Under Article 35(3) of the EU General Data Protection Regulation (GDPR), organisations are required to conduct a data protection impact assessment (DPIA) where they: (i) engage in a systematic and extensive evaluation of personal aspects of individuals, based on automated processing, and on which decisions are based that produce legal or other effects that concern the individual, or (ii) process special categories of personal data (e.g. health data) on a large scale or personal data relating to criminal convictions, or (iii) engage in a systematic monitoring of a publically accessible area on a large scale.
The French data protection authority, the Commission Nationale de l’Informatique et des Libertés (CNIL), had published a draft list of processing operations which require a DPIA to be carried out prior to the processing of personal data. These include: (i) the processing of health data by health establishments, (ii) the processing of genetic data of vulnerable persons, (iii) profiling of employees for HR purposes, (iv) monitoring of employees for HR purposes, (v) processing of personal data in the context of whistleblowing helplines, (vi) various types of profiling, (vii) and the processing of biometric data.
The CNIL’s list was been submitted to the European Data Protection Board (EDPB) for approval. Under Article 64(1) of the GDPR, where a Member State data protection authority (DPA) intends to adopt a list of processing operations which require a DPIA, the DPA must submit the draft list to the EDPB. The EDPB will then issue an opinion on the list, with the aim of ensuring a harmonised approach to data processing across the EU.

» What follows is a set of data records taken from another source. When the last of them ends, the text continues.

(* Let $C\subseteq\mathbb{R}^n$ be a nonempty compact convex set with diameter $D$, and let $f:\mathbb{R}^n\to\mathbb{R}$ be an abs-smooth function that is convex on $C$, with curvature constant $\mathcal{C}_f$ on $C$. Let $x^*\in C$ be a minimizer of $f$ on $C$ and fix $\epsilon\ge0$. Consider the heavy ball ASFW iteration: $x_0\in C$, and for $t=0,1,2,\dots$ set $a_t=2t+2$, $A_t=\sum_{i=0}^t a_i=(t+1)(t+2)$, $\alpha_t=a_t/A_t=2/(t+2)$, define $$\Phi_t(v):=\sum_{i=0}^t a_i\frac{\Delta f(x_i;\alpha_i(v-x_i))}{\alpha_i},\qquad \eta_t:=\epsilon a_t\alpha_t\mathcal{C}_f=\epsilon\frac{a_t^2}{A_t}\mathcal{C}_f,$$ choose $v_t\in C$ with $\Phi_t(v_t)\le\min_{v\in C}\Phi_t(v)+\eta_t$, and set $x_{t+1}=(1-\alpha_t)x_t+\alpha_t v_t$. Define $$L_t=\frac{1}{A_t}\Big(\sum_{i=0}^t a_if(x_i)+\sum_{i=0}^t a_i\Big[\frac{\Delta f(x_i;\alpha_i(v_t-x_i))}{\alpha_i}-\frac{\alpha_i}{2}\mathcal{C}_f\Big]-\eta_t\Big)$$ and $G_t=f(x_{t+1})-L_t$. Then for every $t\ge0$, $$f(x_{t+1})-f(x^* )\le G_t\le\frac{4\,\mathcal{C}_f}{t+2}(1+\epsilon).$$
   Context: A function $f:\mathbb{R}^n\to\mathbb{R}$ is abs-smooth if it is locally Lipschitz and admits an abs-smooth form: for some $s\in\mathbb{N}\cup\{0\}$ there are $F=(F_1,\dots,F_s)\in\mathcal{C}^d(\mathbb{R}^{n+s+s},\mathbb{R}^s)$ and $\varphi\in\mathcal{C}^d(\mathbb{R}^{n+s},\mathbb{R})$ with $d\ge1$ such that $y=f(x)$ is computed by $z_i=F_i(x,z_1,\dots,z_{i-1},|z_1|,\dots,|z_{i-1}|)$ for $i=1,\dots,s$ and $y=\varphi(x,z)$. For a point $\mathring{x}$, write $\mathring z=z(\mathring x)$ and let $Z=\partial_x F$, $M=\partial_z F$, $L=\partial_{|z|}F$ (evaluated at $(\mathring x,\mathring z,|\mathring z|)$; $M,L$ strictly lower triangular), $a=\partial_x\varphi$, $b=\partial_z\varphi$ (evaluated at $(\mathring x,\mathring z)$). The piecewise linearization of $f$ at $\mathring x$ is $f_{PL,\mathring x}(x)=d_0+a^Tx+b^Tz$ where $z$ solves $z=c+Zx+Mz+L|z|$, with constants $c,d_0$ chosen so that $f_{PL,\mathring x}(\mathring x)=f(\mathring x)$ (namely $c=\mathring z-Z\mathring x-M\mathring z-L|\mathring z|$, $d_0=f(\mathring x)-a^T\mathring x-b^T\mathring z$). The abs-linearization is $\Delta f(\mathring x;x-\mathring x):=f_{PL,\mathring x}(x)-f(\mathring x)$. The curvature constant of $f$ on $C$ is $$\mathcal{C}_f:=\sup_{x,v\in C,\ \alpha\in(0,1],\ y=x+\alpha(v-x)}\frac{2}{\alpha^2}\big|f(y)-f(x)-\Delta f(x;y-x)\big|,$$ which is finite for compact $C$. *)

From HB Require Import structures.
From mathcomp Require Import all_boot all_order all_algebra.
From mathcomp Require Import all_classical all_reals all_analysis.
Set Implicit Arguments. Unset Strict Implicit. Unset Printing Implicit Defensive.
Import Order.TTheory GRing.Theory Num.Theory.
Import numFieldNormedType.Exports.
Local Open Scope classical_set_scope.
Local Open Scope ring_scope.

Section AbsSmooth.
Variable R : realType.

Definition absv (s : nat) (z : 'cV[R]_s) : 'cV[R]_s := map_mx (fun r => `|r|) z.

Definition C1 (U V : normedModType R) (g : U -> V) : Prop :=
  (forall p, differentiable g p) /\ (forall v : U, continuous (fun p => derive g p v)).

Definition strictly_triangular (n s : nat)
  (F : 'cV[R]_n * 'cV[R]_s * 'cV[R]_s -> 'cV[R]_s) : Prop :=
  forall (i : 'I_s) (x : 'cV[R]_n) (z z' w w' : 'cV[R]_s),
    (forall j : 'I_s, (j < i)%N -> z j 0 = z' j 0 /\ w j 0 = w' j 0) ->
    F (x, z, w) i 0 = F (x, z', w') i 0.

(* the switching variables z(x): z_i = F_i(x, z_1.., |z_1|..) computed
   successively (s sweeps suffice by strict triangularity) *)
Definition zeval (n s : nat) (F : 'cV[R]_n * 'cV[R]_s * 'cV[R]_s -> 'cV[R]_s)
  (x : 'cV[R]_n) : 'cV[R]_s :=
  iter s (fun z => F (x, z, absv z)) 0.

(* (s, F, phi) is an abs-smooth form of f (with d = 1, i.e. F, phi C^1) *)
Definition abs_smooth_form (n s : nat) (f : 'cV[R]_n -> R)
  (F : 'cV[R]_n * 'cV[R]_s * 'cV[R]_s -> 'cV[R]_s)
  (phi : 'cV[R]_n * 'cV[R]_s -> R) : Prop :=
  C1 F /\ C1 phi /\ strictly_triangular F /\ forall x, f x = phi (x, zeval F x).

Definition locally_lipschitz (n : nat) (f : 'cV[R]_n -> R) : Prop :=
  forall x : 'cV[R]_n, exists r : R, 0 < r /\ exists K : R,
    forall y z : 'cV[R]_n, `|x - y| < r -> `|x - z| < r -> `|f y - f z| <= K * `|y - z|.

Definition e_ (m : nat) (j : 'I_m) : 'cV[R]_m := delta_mx j 0.

Section Lin.
Variables (n s : nat) (f : 'cV[R]_n -> R)
  (F : 'cV[R]_n * 'cV[R]_s * 'cV[R]_s -> 'cV[R]_s)
  (phi : 'cV[R]_n * 'cV[R]_s -> R).

Definition pt (x0 : 'cV[R]_n) := (x0, zeval F x0, absv (zeval F x0)).
Definition Zmx (x0 : 'cV[R]_n) : 'M[R]_(s, n) :=
  \matrix_(i, j) derive F (pt x0) (e_ j, 0, 0) i 0.
Definition Mmx (x0 : 'cV[R]_n) : 'M[R]_(s, s) :=
  \matrix_(i, j) derive F (pt x0) (0, e_ j, 0) i 0.
Definition Lmx (x0 : 'cV[R]_n) : 'M[R]_(s, s) :=
  \matrix_(i, j) derive F (pt x0) (0, 0, e_ j) i 0.
Definition avec (x0 : 'cV[R]_n) : 'cV[R]_n :=
  \col_j derive phi (x0, zeval F x0) (e_ j, 0).
Definition bvec (x0 : 'cV[R]_n) : 'cV[R]_s :=
  \col_j derive phi (x0, zeval F x0) (0, e_ j).

Definition cvec (x0 : 'cV[R]_n) : 'cV[R]_s :=
  zeval F x0 - Zmx x0 *m x0 - Mmx x0 *m zeval F x0 - Lmx x0 *m absv (zeval F x0).
Definition d0 (x0 : 'cV[R]_n) : R :=
  f x0 - ((avec x0)^T *m x0) 0 0 - ((bvec x0)^T *m zeval F x0) 0 0.

(* solution z of z = c + Z x + M z + L |z| (M, L strictly lower triangular) *)
Definition zPL (x0 x : 'cV[R]_n) : 'cV[R]_s :=
  iter s (fun z => cvec x0 + Zmx x0 *m x + Mmx x0 *m z + Lmx x0 *m absv z) 0.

In its opinion, published and adopted on 25 September 2018, the EDPB asked the CNIL to explicitly clarify that the list is not exhaustive, and to highlight that the creation of a DPIA list was based on the Article 29 Working Party (the predecessor to the EDPB) guidelines on DPIAs.
Regarding the processing of biometric data listed by the CNIL, the EDPB was of the opinion that processing biometric data, without more factors, likely to represent a “high risk to the rights and freedoms of individuals.” Rather, a DPIA is required to be conducted where biometric data is processed for the purpose of uniquely identifying an individual in conjunction with at least one other criteria. As such, the EDPB required the CNIL to amend their list so that a DPIA is required where biometric data is processed for the purpose of uniquely identifying an individual only when done in conjunction with at least one other triggering criteria, to be applied without prejudice to Article 35(3) of the GDPR.
On the processing of genetic data, the EDPB also considered that the processing of genetic data on its own does not necessarily represent a “high risk to the rights and freedoms of individuals.” The EDPB therefore has asked the CNIL to amend its list so that a DPIA is required where the processing of genetic data is done in conjunction with at least one other criteria, to be applied without prejudice to Article 35(3) of the GDPR.
Notably, the CNIL’s initial list did not contain reference to processing location data. The EDPB asked CNIL to include in its list a reference to the processing of location data, together with another criterion.
The EDPB also requested refinement of references to DPIAs in the event of employee monitoring. Specifically, the EDPB requested the CNIL to add additional criteria where the employee monitoring involves vulnerable data subjects and systematic monitoring of individuals.
In response to the EDPB’s opinion, the CNIL accepted all of the EDPB recommendations and on 6 November 2018 published an updated list, available here.